__EXERCISE REQUIREMENTS__.
Each line in the records below, from the one that contains "Lemma cnorm_ge0 z" to the one that contains "Lemma ler_cnorm_sub z", should be reproduced exactly, the first and last included.

__RECORDS TO PROCESS__.

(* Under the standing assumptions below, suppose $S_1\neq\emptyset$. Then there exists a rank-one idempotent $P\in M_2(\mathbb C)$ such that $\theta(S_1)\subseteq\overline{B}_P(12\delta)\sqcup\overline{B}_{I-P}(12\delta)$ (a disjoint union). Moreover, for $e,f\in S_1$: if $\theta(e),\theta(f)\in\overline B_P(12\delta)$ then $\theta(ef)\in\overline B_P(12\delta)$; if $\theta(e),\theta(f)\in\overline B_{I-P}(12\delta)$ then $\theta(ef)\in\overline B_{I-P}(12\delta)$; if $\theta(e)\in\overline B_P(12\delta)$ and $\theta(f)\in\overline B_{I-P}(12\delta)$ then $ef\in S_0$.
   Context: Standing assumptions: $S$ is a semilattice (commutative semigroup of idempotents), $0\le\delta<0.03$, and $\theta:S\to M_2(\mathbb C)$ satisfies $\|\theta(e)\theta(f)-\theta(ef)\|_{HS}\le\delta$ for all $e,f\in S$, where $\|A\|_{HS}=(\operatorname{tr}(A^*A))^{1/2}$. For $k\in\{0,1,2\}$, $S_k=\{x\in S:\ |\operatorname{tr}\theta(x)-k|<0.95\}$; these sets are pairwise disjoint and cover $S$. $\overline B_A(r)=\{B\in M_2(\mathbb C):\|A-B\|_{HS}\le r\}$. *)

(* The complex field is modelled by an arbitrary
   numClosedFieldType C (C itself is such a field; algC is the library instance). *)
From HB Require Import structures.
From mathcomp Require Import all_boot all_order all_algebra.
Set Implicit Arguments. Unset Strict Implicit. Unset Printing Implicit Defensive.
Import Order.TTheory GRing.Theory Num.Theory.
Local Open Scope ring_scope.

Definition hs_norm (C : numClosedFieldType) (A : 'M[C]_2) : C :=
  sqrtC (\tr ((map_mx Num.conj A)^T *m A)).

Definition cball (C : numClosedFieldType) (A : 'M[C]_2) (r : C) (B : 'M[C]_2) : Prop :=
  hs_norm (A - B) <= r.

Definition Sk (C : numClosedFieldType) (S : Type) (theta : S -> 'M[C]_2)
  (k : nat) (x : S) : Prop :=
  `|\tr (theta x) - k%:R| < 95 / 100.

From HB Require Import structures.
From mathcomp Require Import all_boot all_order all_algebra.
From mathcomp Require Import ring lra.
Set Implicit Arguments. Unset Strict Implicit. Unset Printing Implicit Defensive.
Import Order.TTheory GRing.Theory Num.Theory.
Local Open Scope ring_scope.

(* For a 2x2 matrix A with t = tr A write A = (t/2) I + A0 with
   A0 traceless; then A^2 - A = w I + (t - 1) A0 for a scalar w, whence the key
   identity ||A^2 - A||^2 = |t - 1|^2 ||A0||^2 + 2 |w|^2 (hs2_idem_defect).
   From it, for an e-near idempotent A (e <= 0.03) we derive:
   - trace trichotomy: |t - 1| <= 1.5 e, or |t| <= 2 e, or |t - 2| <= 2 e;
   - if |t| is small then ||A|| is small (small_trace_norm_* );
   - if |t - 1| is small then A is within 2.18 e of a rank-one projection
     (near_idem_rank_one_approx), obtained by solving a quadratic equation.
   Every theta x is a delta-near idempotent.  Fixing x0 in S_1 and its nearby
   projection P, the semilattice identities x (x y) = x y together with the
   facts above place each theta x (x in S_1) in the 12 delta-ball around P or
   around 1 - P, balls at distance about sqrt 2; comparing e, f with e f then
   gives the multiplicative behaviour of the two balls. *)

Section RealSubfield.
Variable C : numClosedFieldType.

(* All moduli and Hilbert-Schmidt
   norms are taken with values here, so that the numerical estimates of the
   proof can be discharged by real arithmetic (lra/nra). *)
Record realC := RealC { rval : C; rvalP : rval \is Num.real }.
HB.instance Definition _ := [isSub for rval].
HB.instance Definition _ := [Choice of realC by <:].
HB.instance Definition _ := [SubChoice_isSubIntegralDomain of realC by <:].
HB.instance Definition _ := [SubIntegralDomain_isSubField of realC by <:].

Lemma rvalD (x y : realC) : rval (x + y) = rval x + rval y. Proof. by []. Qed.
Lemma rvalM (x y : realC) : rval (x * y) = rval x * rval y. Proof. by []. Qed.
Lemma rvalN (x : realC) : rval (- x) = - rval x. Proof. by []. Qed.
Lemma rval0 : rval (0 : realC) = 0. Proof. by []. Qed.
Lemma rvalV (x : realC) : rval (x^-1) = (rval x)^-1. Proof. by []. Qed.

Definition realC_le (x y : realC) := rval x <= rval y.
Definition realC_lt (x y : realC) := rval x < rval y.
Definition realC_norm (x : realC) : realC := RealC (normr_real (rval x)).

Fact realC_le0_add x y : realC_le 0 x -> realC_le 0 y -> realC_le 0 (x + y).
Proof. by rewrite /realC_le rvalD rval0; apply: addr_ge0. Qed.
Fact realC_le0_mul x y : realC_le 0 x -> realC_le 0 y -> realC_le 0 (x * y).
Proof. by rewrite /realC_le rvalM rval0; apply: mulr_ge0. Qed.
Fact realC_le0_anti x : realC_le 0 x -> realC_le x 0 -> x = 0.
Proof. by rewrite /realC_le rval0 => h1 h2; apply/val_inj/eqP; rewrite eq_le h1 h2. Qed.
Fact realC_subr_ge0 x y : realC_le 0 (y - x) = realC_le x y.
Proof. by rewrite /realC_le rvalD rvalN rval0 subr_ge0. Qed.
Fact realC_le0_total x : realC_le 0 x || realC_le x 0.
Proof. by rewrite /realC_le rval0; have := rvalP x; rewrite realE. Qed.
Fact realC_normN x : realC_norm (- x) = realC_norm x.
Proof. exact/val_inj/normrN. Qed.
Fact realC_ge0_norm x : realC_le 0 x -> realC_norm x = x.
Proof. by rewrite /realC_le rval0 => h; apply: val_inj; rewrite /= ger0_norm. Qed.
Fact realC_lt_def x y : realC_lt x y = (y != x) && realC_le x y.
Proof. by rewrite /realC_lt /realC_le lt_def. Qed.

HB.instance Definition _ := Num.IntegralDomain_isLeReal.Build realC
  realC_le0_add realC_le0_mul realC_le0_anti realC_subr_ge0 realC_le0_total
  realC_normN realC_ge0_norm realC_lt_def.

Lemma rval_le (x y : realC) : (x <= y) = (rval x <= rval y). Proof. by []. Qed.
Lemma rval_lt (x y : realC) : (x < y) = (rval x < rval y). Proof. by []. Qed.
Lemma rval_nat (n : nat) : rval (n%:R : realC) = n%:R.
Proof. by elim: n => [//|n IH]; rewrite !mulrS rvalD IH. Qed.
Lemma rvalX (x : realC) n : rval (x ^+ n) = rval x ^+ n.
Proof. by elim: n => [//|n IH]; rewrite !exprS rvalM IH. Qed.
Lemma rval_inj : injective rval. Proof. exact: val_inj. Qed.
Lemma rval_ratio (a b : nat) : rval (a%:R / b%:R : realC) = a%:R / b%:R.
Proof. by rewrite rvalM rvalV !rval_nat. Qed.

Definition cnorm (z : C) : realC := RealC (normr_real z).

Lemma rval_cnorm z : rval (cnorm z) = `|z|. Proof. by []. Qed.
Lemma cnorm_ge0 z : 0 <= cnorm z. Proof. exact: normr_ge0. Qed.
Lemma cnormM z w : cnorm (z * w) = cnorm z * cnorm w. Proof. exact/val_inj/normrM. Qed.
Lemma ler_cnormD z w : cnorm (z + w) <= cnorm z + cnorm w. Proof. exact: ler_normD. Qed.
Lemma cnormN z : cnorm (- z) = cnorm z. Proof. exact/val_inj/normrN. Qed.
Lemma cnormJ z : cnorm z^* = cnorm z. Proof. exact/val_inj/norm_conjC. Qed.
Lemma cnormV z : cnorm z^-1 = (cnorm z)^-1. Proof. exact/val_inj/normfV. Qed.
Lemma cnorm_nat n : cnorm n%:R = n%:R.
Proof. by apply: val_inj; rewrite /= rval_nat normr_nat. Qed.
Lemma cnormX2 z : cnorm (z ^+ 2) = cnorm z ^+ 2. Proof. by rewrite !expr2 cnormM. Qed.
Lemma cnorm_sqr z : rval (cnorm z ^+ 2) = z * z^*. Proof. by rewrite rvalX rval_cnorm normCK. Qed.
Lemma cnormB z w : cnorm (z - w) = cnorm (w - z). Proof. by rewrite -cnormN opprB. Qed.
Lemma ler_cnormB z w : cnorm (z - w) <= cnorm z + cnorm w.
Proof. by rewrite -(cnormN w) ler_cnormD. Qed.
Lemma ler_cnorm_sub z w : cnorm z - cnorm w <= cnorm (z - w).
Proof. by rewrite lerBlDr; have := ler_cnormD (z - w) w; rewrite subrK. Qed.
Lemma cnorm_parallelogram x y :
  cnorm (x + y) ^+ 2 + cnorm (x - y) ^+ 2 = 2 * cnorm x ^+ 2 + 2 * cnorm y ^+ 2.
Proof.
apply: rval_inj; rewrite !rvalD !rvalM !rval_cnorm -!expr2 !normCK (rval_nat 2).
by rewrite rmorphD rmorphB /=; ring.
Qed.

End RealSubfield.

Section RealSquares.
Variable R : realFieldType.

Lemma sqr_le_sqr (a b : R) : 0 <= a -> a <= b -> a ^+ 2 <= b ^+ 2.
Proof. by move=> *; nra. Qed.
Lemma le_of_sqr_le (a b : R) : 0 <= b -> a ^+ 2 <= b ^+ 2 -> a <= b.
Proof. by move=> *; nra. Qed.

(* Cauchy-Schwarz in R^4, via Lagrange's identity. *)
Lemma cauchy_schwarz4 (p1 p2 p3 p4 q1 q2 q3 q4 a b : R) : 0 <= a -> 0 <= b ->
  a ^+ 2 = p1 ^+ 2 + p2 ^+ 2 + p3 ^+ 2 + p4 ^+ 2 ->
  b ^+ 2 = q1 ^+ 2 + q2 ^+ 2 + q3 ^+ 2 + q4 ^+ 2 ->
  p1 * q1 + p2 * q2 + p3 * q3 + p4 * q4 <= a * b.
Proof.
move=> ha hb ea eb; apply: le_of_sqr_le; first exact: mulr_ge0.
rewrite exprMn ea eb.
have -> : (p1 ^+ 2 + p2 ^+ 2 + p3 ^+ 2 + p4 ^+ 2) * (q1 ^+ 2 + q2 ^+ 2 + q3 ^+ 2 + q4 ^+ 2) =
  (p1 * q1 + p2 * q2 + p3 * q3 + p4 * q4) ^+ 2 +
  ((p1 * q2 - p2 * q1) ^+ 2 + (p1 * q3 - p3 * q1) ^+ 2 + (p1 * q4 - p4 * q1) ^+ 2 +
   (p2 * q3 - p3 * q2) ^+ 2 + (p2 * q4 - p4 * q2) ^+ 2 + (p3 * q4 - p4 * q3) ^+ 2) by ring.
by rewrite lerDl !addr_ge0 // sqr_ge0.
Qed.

__EXERCISE ANSWER__.
Lemma cnorm_ge0 z : 0 <= cnorm z. Proof. exact: normr_ge0. Qed.
Lemma cnormM z w : cnorm (z * w) = cnorm z * cnorm w. Proof. exact/val_inj/normrM. Qed.
Lemma ler_cnormD z w : cnorm (z + w) <= cnorm z + cnorm w. Proof. exact: ler_normD. Qed.
Lemma cnormN z : cnorm (- z) = cnorm z. Proof. exact/val_inj/normrN. Qed.
Lemma cnormJ z : cnorm z^* = cnorm z. Proof. exact/val_inj/norm_conjC. Qed.
Lemma cnormV z : cnorm z^-1 = (cnorm z)^-1. Proof. exact/val_inj/normfV. Qed.
Lemma cnorm_nat n : cnorm n%:R = n%:R.
Proof. by apply: val_inj; rewrite /= rval_nat normr_nat. Qed.
Lemma cnormX2 z : cnorm (z ^+ 2) = cnorm z ^+ 2. Proof. by rewrite !expr2 cnormM. Qed.
Lemma cnorm_sqr z : rval (cnorm z ^+ 2) = z * z^*. Proof. by rewrite rvalX rval_cnorm normCK. Qed.
Lemma cnormB z w : cnorm (z - w) = cnorm (w - z). Proof. by rewrite -cnormN opprB. Qed.
Lemma ler_cnormB z w : cnorm (z - w) <= cnorm z + cnorm w.
Proof. by rewrite -(cnormN w) ler_cnormD. Qed.
Lemma ler_cnorm_sub z w : cnorm z - cnorm w <= cnorm (z - w).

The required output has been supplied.